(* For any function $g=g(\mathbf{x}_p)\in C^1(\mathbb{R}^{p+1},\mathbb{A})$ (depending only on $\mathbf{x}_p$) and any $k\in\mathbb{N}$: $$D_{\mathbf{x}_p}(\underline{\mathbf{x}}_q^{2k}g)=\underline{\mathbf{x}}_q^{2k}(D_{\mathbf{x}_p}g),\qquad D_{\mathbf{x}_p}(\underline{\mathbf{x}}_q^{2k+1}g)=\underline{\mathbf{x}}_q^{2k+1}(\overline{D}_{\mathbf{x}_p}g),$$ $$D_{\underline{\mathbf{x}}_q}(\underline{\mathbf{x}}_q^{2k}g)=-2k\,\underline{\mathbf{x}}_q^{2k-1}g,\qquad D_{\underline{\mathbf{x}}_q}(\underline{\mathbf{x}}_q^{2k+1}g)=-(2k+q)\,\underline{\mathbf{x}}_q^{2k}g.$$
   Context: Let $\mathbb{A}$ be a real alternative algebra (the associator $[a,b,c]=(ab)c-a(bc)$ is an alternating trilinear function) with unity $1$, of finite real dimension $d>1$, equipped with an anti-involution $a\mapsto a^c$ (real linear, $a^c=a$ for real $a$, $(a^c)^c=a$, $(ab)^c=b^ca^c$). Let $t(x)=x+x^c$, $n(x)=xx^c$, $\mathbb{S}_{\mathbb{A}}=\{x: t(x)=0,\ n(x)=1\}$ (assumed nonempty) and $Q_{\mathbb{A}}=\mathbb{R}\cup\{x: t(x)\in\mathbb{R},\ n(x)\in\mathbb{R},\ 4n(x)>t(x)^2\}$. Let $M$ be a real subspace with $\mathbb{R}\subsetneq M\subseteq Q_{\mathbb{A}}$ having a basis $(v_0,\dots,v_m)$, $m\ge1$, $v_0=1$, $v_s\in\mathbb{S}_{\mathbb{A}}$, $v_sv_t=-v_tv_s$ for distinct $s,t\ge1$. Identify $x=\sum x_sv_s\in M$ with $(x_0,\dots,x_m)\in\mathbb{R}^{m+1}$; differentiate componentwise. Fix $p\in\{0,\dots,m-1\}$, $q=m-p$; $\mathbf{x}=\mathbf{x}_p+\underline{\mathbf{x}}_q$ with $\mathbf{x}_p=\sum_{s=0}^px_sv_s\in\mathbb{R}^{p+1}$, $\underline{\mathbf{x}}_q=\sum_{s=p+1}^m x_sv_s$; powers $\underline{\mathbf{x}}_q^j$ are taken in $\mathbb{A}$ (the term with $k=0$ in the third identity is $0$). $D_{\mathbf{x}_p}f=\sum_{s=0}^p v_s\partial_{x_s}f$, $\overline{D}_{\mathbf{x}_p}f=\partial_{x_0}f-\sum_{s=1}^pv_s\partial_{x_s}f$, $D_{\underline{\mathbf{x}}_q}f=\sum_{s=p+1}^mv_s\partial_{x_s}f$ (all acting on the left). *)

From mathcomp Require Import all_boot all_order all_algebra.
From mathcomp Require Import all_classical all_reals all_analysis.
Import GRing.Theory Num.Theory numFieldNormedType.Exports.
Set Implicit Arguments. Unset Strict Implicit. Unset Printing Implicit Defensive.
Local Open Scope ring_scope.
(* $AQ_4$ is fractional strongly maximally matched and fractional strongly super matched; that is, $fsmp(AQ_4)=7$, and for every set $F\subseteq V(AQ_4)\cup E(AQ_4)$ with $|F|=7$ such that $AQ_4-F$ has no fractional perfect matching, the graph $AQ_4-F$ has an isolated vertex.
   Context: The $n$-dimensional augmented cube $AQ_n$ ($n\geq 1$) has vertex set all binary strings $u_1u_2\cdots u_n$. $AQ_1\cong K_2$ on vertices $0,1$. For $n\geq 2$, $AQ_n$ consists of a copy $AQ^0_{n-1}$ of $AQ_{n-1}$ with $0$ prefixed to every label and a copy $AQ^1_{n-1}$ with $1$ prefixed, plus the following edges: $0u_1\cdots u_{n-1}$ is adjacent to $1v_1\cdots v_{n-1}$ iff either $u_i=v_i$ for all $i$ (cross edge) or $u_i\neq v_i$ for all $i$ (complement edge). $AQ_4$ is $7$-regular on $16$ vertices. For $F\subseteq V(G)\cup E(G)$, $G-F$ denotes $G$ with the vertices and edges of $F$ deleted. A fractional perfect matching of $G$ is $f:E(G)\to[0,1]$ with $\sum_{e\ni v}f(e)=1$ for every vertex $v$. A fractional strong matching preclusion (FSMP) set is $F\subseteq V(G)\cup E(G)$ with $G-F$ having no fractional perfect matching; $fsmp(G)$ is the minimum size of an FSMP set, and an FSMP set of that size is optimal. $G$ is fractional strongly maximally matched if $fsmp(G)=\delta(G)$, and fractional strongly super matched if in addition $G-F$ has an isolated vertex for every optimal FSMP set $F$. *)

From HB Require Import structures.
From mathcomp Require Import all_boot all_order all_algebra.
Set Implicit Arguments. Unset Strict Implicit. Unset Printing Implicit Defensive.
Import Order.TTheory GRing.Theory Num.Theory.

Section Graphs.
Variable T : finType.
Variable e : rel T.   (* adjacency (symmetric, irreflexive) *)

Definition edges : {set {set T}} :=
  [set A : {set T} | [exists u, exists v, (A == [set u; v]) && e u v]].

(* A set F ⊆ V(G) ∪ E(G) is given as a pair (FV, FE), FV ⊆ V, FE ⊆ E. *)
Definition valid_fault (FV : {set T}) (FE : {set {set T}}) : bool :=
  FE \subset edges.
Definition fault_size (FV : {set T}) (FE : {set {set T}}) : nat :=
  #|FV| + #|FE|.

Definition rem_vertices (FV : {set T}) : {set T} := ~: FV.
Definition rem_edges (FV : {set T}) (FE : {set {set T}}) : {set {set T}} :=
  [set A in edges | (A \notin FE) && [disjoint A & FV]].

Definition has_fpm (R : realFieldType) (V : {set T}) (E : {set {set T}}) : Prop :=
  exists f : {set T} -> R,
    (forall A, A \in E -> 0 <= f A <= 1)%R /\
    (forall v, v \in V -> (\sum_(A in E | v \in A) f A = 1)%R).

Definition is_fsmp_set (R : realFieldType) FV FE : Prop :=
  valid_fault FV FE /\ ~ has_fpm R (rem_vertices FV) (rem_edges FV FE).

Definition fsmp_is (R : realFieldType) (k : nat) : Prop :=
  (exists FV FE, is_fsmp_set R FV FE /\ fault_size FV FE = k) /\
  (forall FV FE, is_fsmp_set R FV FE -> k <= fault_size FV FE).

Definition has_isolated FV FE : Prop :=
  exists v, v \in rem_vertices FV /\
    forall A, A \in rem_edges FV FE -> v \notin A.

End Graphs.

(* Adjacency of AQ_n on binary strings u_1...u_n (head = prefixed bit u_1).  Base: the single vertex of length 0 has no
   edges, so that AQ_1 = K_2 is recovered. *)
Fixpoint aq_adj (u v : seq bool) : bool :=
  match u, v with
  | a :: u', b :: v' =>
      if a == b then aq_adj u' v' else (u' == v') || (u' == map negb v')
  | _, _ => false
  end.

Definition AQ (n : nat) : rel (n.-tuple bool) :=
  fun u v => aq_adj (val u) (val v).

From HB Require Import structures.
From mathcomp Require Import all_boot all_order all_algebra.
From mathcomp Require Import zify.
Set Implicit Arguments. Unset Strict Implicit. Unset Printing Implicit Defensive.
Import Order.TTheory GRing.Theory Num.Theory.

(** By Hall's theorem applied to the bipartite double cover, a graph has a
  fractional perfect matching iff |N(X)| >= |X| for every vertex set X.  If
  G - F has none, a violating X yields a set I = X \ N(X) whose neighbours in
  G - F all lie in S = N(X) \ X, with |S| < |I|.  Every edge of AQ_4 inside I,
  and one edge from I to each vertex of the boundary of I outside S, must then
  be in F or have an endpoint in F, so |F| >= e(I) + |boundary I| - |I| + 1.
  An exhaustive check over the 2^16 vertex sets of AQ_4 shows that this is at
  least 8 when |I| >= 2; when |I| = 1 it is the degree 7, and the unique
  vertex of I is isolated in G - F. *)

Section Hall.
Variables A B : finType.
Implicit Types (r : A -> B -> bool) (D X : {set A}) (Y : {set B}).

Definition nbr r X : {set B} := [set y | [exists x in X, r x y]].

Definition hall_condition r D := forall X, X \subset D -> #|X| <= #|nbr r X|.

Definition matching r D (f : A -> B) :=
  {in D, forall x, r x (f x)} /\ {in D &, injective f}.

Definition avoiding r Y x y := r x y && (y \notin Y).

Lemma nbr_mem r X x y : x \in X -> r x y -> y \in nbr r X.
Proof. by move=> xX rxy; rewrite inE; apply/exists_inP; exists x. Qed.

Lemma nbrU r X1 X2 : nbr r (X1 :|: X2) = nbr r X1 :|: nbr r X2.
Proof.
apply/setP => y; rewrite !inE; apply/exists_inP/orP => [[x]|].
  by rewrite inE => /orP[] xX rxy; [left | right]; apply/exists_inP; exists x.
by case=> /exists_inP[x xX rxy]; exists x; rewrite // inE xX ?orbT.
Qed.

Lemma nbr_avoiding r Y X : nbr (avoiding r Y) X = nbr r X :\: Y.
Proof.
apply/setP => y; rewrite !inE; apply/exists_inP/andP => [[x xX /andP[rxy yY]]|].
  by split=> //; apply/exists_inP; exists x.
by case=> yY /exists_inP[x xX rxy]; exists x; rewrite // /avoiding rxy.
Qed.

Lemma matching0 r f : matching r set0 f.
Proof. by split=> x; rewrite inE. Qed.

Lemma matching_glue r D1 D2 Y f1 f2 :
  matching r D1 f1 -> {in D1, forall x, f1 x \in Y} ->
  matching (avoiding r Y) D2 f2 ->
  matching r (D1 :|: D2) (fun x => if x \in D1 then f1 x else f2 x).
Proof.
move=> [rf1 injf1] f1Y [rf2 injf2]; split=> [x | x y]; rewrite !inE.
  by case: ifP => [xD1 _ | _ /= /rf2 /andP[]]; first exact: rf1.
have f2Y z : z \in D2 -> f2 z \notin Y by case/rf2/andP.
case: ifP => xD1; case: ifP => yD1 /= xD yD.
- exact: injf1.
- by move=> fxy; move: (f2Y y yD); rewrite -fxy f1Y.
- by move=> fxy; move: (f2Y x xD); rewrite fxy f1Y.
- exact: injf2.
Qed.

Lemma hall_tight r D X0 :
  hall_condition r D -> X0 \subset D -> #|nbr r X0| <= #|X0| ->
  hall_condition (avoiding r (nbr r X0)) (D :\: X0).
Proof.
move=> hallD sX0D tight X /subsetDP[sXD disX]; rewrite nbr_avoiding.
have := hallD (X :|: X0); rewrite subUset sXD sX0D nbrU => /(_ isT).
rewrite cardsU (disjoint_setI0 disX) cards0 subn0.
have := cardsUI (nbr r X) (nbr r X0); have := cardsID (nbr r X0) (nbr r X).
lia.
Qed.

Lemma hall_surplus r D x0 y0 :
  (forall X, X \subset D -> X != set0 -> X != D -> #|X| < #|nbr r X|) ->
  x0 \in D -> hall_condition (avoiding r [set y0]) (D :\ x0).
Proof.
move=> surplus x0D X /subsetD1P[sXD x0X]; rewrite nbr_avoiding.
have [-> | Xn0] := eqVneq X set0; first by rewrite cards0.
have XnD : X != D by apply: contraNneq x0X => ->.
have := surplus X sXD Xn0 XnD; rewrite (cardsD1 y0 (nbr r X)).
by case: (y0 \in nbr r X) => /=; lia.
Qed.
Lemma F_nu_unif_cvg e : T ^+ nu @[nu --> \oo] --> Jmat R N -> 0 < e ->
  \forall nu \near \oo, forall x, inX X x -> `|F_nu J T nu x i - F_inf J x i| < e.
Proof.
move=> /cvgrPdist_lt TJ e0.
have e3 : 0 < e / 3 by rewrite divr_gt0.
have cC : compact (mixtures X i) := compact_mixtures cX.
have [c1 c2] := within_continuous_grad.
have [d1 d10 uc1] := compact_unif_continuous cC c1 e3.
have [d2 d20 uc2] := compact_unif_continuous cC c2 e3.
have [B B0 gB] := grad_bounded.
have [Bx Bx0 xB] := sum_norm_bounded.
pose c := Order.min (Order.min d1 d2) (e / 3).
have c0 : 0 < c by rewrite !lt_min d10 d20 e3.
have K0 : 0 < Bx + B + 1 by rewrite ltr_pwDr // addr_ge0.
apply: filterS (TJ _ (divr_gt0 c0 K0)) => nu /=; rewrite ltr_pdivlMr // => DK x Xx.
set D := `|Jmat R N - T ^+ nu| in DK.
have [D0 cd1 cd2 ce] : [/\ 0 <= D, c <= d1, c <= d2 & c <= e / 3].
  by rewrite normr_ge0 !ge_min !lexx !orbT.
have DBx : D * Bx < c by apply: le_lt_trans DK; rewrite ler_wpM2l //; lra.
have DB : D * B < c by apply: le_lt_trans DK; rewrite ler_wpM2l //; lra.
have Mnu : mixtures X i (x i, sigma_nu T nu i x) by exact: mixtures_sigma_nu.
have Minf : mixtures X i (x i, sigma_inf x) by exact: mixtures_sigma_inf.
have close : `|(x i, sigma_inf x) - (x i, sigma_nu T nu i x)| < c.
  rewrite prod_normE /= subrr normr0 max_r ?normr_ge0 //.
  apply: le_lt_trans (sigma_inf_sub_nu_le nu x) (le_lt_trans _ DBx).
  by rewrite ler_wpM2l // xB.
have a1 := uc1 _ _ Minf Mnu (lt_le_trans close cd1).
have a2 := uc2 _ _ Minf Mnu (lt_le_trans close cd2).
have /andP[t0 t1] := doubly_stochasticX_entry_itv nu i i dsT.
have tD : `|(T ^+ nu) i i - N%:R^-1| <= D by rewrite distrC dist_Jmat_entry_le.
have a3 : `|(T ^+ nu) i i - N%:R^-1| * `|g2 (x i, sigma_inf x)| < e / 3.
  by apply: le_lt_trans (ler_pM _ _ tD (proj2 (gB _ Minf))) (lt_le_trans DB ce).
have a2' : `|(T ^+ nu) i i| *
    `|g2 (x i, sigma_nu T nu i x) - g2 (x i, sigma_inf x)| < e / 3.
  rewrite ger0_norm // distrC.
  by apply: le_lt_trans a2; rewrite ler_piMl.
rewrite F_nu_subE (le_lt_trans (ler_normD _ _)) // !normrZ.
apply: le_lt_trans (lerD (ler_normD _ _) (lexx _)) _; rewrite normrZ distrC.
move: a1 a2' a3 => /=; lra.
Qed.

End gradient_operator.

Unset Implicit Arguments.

* **What the task asks**:
For the string "else", show each line of the entries above where it occurs.

* **Expected output**:
      if a == b then aq_adj u' v' else (u' == v') || (u' == map negb v')
  matching r (D1 :|: D2) (fun x => if x \in D1 then f1 x else f2 x).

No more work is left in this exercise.